Excursion Report: Virtual Presentation on Nuclear Fusion

Principles and Challenges of Controlled Nuclear Fusion
Presenter: Dr. Rajesh Miangi, event hosted by the American Nuclear Society at UMD.
Occured Nov. 25, 2025, 7-8pm, over Zoom.

Summary

Following introductions, Dr. Miangi introduced us to a couple definitions. Nuclear fusion, he explained, is the process of combining small atoms into larger ones. He then walked through an example with hydrogen fusion (as seen in stars) and deuterium-tritium fusion. He also defined plasma to be a state of matter when atoms decompose into “a soup of ions and electrons” where electrons are free to move around between different ions. This is important because fusion requires atoms to be very energetic. Ions must be heated enough to overcome electric repulsion, so “we have to pass through a plasma state to reach temperatures suitable for fusion”. In fact, particles have to be about 200 million Kelvin. “Immense heat, immense energy,” he tells us. “You have to have some way to confine it. How do you maintain that?”

We can’t physically contain plasma; all of our current materials melt long before then. The main part of Dr. Miangi’s lecture was discussing gravitational, magnetic, and inertial confinement. He justifies our use of magnetic confinement – which confines plasma in the direction across the field – by comparing it to gravity as seen in the sun. He then explains that magnetic fields don’t “hold” particles like matter does, but instead guides its motion, so we can’t just make a simple tube because the plasma would go out. Along this line of reasoning, he justifies the torus shape we typically associate with fusion reactors. Finally, he discusses how we heat up plasma to those temperatures. After some discussion on resistive, wave, and ion beam heating, he took questions.

My thoughts

I found this talk pretty convincing. It’s not so much an argumentative presentation than an informative one, and the things he shared were largely basic information within the field. He cited information consistent with what I’ve learned in the past. One part that I wasn’t fully convinced by was why we used a torus; Dr. Miangi explained that any sphere would have a dead spot where plasma could leak, citing something called the “hairy ball theorem”. Informally, he asked us to imagine combing a coconut; it’s impossible to do so without forming a “cowlick”, a place where the hair sticks out.

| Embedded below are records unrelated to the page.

(* Let $n,t$ be positive integers and let $\mathcal{B}$ be a partition of $[n]$ into $t$ nonempty blocks. Let $\mathcal{B}'\subseteq\mathcal{B}$ be nonempty, let $\ell=\sum_{B\in\mathcal{B}'}|B|$, and let $\langle i_1<i_2<\cdots<i_\ell\rangle$ be the increasing enumeration of $\bigcup_{B\in\mathcal{B}'}B$. Then $K[\underline{i},\mathcal{B}']=K[\underline{i}',\mathcal{B}']$ in each of the following cases: - for every $l\in[\ell-1]$ and all $\underline{i},\underline{i}'$ with $i_l<\underline{i},\underline{i}'\le i_{l+1}$; - for all $\underline{i},\underline{i}'$ with $1\le\underline{i},\underline{i}'\le i_1$; - for all $\underline{i},\underline{i}'$ with $i_\ell<\underline{i},\underline{i}'\le n$.
   Context: Let $A(n)$ be the infinite sequence obtained by concatenating infinitely many copies (segments, numbered $1,2,\ldots$) of $\langle1,2,\ldots,n\rangle$. A position is a pair $(\kappa,v)$ consisting of a segment index $\kappa\ge1$ and a value $v\in[n]$. Positions are ordered lexicographically. A placement of a nonempty $\mathcal{B}'\subseteq\mathcal{B}$ assigns to each $x\in\bigcup_{B\in\mathcal{B}'}B$ a position $(\kappa_x,x)$, with distinct elements at distinct positions. It is valid if, for any two distinct blocks $B,C\in\mathcal{B}'$, no element of $B$ lies strictly between the smallest and the largest positions occupied by elements of $C$. The number of segments used is $\max_x\kappa_x$. $K[\underline{i},\mathcal{B}']$ is the minimum number of segments used by a valid placement of $\mathcal{B}'$ all of whose positions are $\ge(1,\underline{i})$. *)

From mathcomp Require Import all_boot.
From Stdlib Require Import ClassicalEpsilon.
Set Implicit Arguments. Unset Strict Implicit. Unset Printing Implicit Defensive.

(* Elements of [n] are represented by x : 'I_n, with value x.+1 in {1..n}.
   A position is a pair (kappa, v) of a segment index and a value (nats). *)

Definition pos_lt (p q : nat * nat) : bool :=
  (p.1 < q.1) || ((p.1 == q.1) && (p.2 < q.2)).
Definition pos_le (p q : nat * nat) : bool := (p == q) || pos_lt p q.

Definition posof n (kappa : 'I_n -> nat) (x : 'I_n) : nat * nat :=
  (kappa x, x.+1).

Definition valid_placement n (Bp : {set {set 'I_n}}) (kappa : 'I_n -> nat) : Prop :=
  (forall x, x \in cover Bp -> 1 <= kappa x) /\
  (forall C D, C \in Bp -> D \in Bp -> C != D ->
     forall x, x \in D ->
       ~ (exists a b, [/\ a \in C, b \in C,
            pos_lt (posof kappa a) (posof kappa x) &
            pos_lt (posof kappa x) (posof kappa b)])).

Definition segs_used n (Bp : {set {set 'I_n}}) (kappa : 'I_n -> nat) : nat :=
  \max_(x in cover Bp) kappa x.

Definition Kset n (Bp : {set {set 'I_n}}) (i : nat) (k : nat) : Prop :=
  exists kappa : 'I_n -> nat,
    [/\ valid_placement Bp kappa,
        (forall x, x \in cover Bp -> pos_le (1, i) (posof kappa x)) &
        segs_used Bp kappa = k].

Definition Kb n (Bp : {set {set 'I_n}}) (i : nat) (k : nat) : bool :=
  if excluded_middle_informative (Kset Bp i k) then true else false.

(* K[i, Bp] : the minimum of Kset (0 if no valid placement exists, which
   never happens for nonempty Bp) *)
Definition K n (Bp : {set {set 'I_n}}) (i : nat) : nat :=
  match excluded_middle_informative (exists k, Kb Bp i k) with
  | left h => ex_minn h
  | right _ => 0
  end.

Definition union_enum n (Bp : {set {set 'I_n}}) : seq nat :=
  sort leq [seq (nat_of_ord x).+1 | x <- enum (cover Bp)].

From mathcomp Require Import all_boot.
From Stdlib Require Import ClassicalEpsilon.

Set Implicit Arguments. Unset Strict Implicit. Unset Printing Implicit Defensive.

(* The constraint that every position be >= (1, i) only bites for elements
   placed in the first segment, where it reads i <= x. Hence K[i, B'] depends
   on i only through the set of elements of the union of B' that are >= i,
   and this set is the same for all i in one gap (i_l, i_(l+1)] of the
   increasing enumeration, for all i <= i_1, and for all i > i_ell. *)

Lemma pos_le_1E i k v : pos_le (1, i) (k, v) = (1 < k) || (k == 1) && (i <= v).
Proof.
rewrite /pos_le /pos_lt /= xpair_eqE.
by case: k => [|[|k]] //=; rewrite ?orbF ?orbT // [i <= v]leq_eqVlt.
Qed.

Lemma eq_K n (Bp : {set {set 'I_n}}) i i' :
  (forall k, Kset Bp i k <-> Kset Bp i' k) -> K Bp i = K Bp i'.
Proof.
move=> eqKset.
have eqKb : Kb Bp i =1 Kb Bp i'.
  move=> k; rewrite /Kb.
  case: excluded_middle_informative => [Ki | nKi];
    case: excluded_middle_informative => [Ki' | nKi'] //.
  - by case: nKi'; apply/eqKset.
  - by case: nKi; apply/eqKset.
rewrite /K; case: excluded_middle_informative => [ex | nex];
  case: excluded_middle_informative => [ex' | nex'] //.
- exact: eq_ex_minn.
- by case: nex'; have [k] := ex; exists k; rewrite -eqKb.
- by case: nex; have [k] := ex'; exists k; rewrite eqKb.
Qed.

Section UnionEnum.

Variables (n : nat) (Bp : {set {set 'I_n}}).

Lemma sorted_union_enum : sorted leq (union_enum Bp).
Proof. exact: (sort_sorted leq_total). Qed.

Lemma mem_union_enum (x : 'I_n) : x \in cover Bp -> x.+1 \in union_enum Bp.
Proof. by move=> xB; rewrite mem_sort map_f ?mem_enum. Qed.

Lemma size_union_enum :
  trivIset Bp -> size (union_enum Bp) = \sum_(C in Bp) #|C|.
Proof. by move=> /eqP->; rewrite size_sort size_map -cardE. Qed.

Lemma K_threshold i i' :
  {in union_enum Bp, forall v, (i <= v) = (i' <= v)} -> K Bp i = K Bp i'.
Proof.
move=> eq_thr; apply: eq_K => k.
have eq_bound kappa x : x \in cover Bp ->
    pos_le (1, i) (posof kappa x) = pos_le (1, i') (posof kappa x).
  by move=> xB; rewrite !pos_le_1E eq_thr ?mem_union_enum.
by split=> -[kappa [valid bound used]]; exists kappa; split=> // x xB;
  [rewrite -eq_bound | rewrite eq_bound]; auto.
Qed.

End UnionEnum.

Section SortedNth.

Variables (s : seq nat) (v : nat).
Hypotheses (s_sorted : sorted leq s) (sv : v \in s).

Lemma sorted_nth_le_mem l : l <= index v s -> nth 0 s l <= v.
Proof.
move=> le_l; rewrite -[leqRHS](nth_index 0 sv).
have lt_idx : index v s < size s by rewrite index_mem.
by apply: (sorted_leq_nth leq_trans leqnn); rewrite // inE (leq_ltn_trans le_l).
Qed.

Lemma sorted_mem_le_nth l : index v s <= l < size s -> v <= nth 0 s l.
Proof.
case/andP=> le_l lt_l; rewrite -[leqLHS](nth_index 0 sv).
by apply: (sorted_leq_nth leq_trans leqnn); rewrite // inE index_mem.
Qed.

Lemma sorted_leq_gap l : (v <= nth 0 s l) || (nth 0 s l.+1 <= v).
Proof.
case: (leqP (index v s) l) => [le_l | lt_l]; last by rewrite sorted_nth_le_mem ?orbT.
case: (ltnP l (size s)) => [lt_ls | le_sl]; first by rewrite sorted_mem_le_nth ?le_l.
by rewrite [nth 0 s l.+1]nth_default ?orbT // (leq_trans le_sl).
Qed.

Lemma sorted_mem_le_last : v <= nth 0 s (size s).-1.
Proof.
have lt_idx : index v s < size s by rewrite index_mem.
have pos_s : 0 < size s := leq_ltn_trans (leq0n _) lt_idx.
by rewrite sorted_mem_le_nth // -ltnS prednK // lt_idx leqnn.
Qed.

End SortedNth.

Lemma leq_threshold_eq a b i i' v :
  a < i <= b -> a < i' <= b -> (v <= a) || (b <= v) -> (i <= v) = (i' <= v).
Proof.
case/andP=> ai ib /andP[ai' ib'] /orP[va | bv].
- by rewrite (ltn_geF (leq_ltn_trans va ai)) (ltn_geF (leq_ltn_trans va ai')).
- by rewrite (leq_trans ib bv) (leq_trans ib' bv).
Qed.

Theorem lemma2 (n t : nat) (B : {set {set 'I_n}}) (Bp : {set {set 'I_n}}) :
  0 < n -> 0 < t ->
  partition B [set: 'I_n] -> #|B| = t ->
  Bp \subset B -> Bp != set0 ->
  let ell := \sum_(C in Bp) #|C| in
  let s := union_enum Bp in
  let ii := fun l => nth 0 s l.-1 in  (* ii l = i_l, 1-indexed *)
  [/\ (forall l i i', 1 <= l <= ell.-1 ->
         ii l < i <= ii l.+1 -> ii l < i' <= ii l.+1 ->
         K Bp i = K Bp i'),
      (forall i i', 1 <= i <= ii 1 -> 1 <= i' <= ii 1 -> K Bp i = K Bp i') &
      (forall i i', ii ell < i <= n -> ii ell < i' <= n -> K Bp i = K Bp i')].
Proof.
move=> _ _ partB _ subB _ ell s ii.
have s_sorted : sorted leq s := sorted_union_enum Bp.
have size_s : size s = ell.
  exact/size_union_enum/(trivIsetS subB)/(partition_trivIset partB).
split.
- move=> [//|l] i i' _ gap_i gap_i'; apply: K_threshold => v sv.
  exact: (leq_threshold_eq gap_i gap_i' (sorted_leq_gap s_sorted sv l)).
- move=> i i' head_i head_i'; apply: K_threshold => v sv.
  by apply: (leq_threshold_eq head_i head_i'); rewrite sorted_nth_le_mem ?orbT.
- move=> i i' tail_i tail_i'; apply: K_threshold => v sv.
  by apply: (leq_threshold_eq tail_i tail_i'); rewrite /ii -size_s sorted_mem_le_last.
Qed.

This connection wasn’t fully clear to me, so I did some searching. This video I found explains it succinctly, giving a formal definition:

“Suppose V: S^2 -> T(S^2) is continuous. Then there exists a point p in S^2 such that V(p) = 0.”

From my understanding, this means that if we have a sphere (or something topologically equivalent to one) residing in 3D, and a vector field where the vector at any point on the surface is tangent to the surface, the vector at some point on the surface must be 0. Now that I have this image in my mind, it makes sense why this is relevant; if there’s no magnetic field at a certain point, then there’s nothing there to deflect plasma, so nothing’s stopping plasma from escaping there. On one hand, I’d say that this connection wasn’t clear in the original presentation; on the other hand, since Dr. Miangi was presenting to people of varied backgrounds, he couldn’t assume that we were comfortable with vector fields.

Another part that stuck out to me was his justification of using electromagnetic confinement over gravitational confinement. He showed us that the electromagnetic forces between two atoms was on the order of 10^26 times as strong as the gravitational ones between them, and that the mass of magnets used in the International Thermonuclear Experimental Reactor (ITER) is 10^22 times less than the minimum amount needed for fusion to occur in stars. I found this to be a strange piece of justification; from a purely intuitive point of view, no reasonable amount of deuterium or tritium we can gather will have enough gravity to hold itself together, let alone enough to sustain fusion. While I did enjoy the scale comparisons, it didn’t seem necessary to explain why we don’t use gravitational containment, although this feels like a nitpick.

All in all, I am fairly convinced by this talk. Some of it went over my head, but I’d argue it was because of my lack of background in fusion rather than a poor presentation. Everything presented was something I either know as a fact, or well-corroborated enough for me to treat as a fact.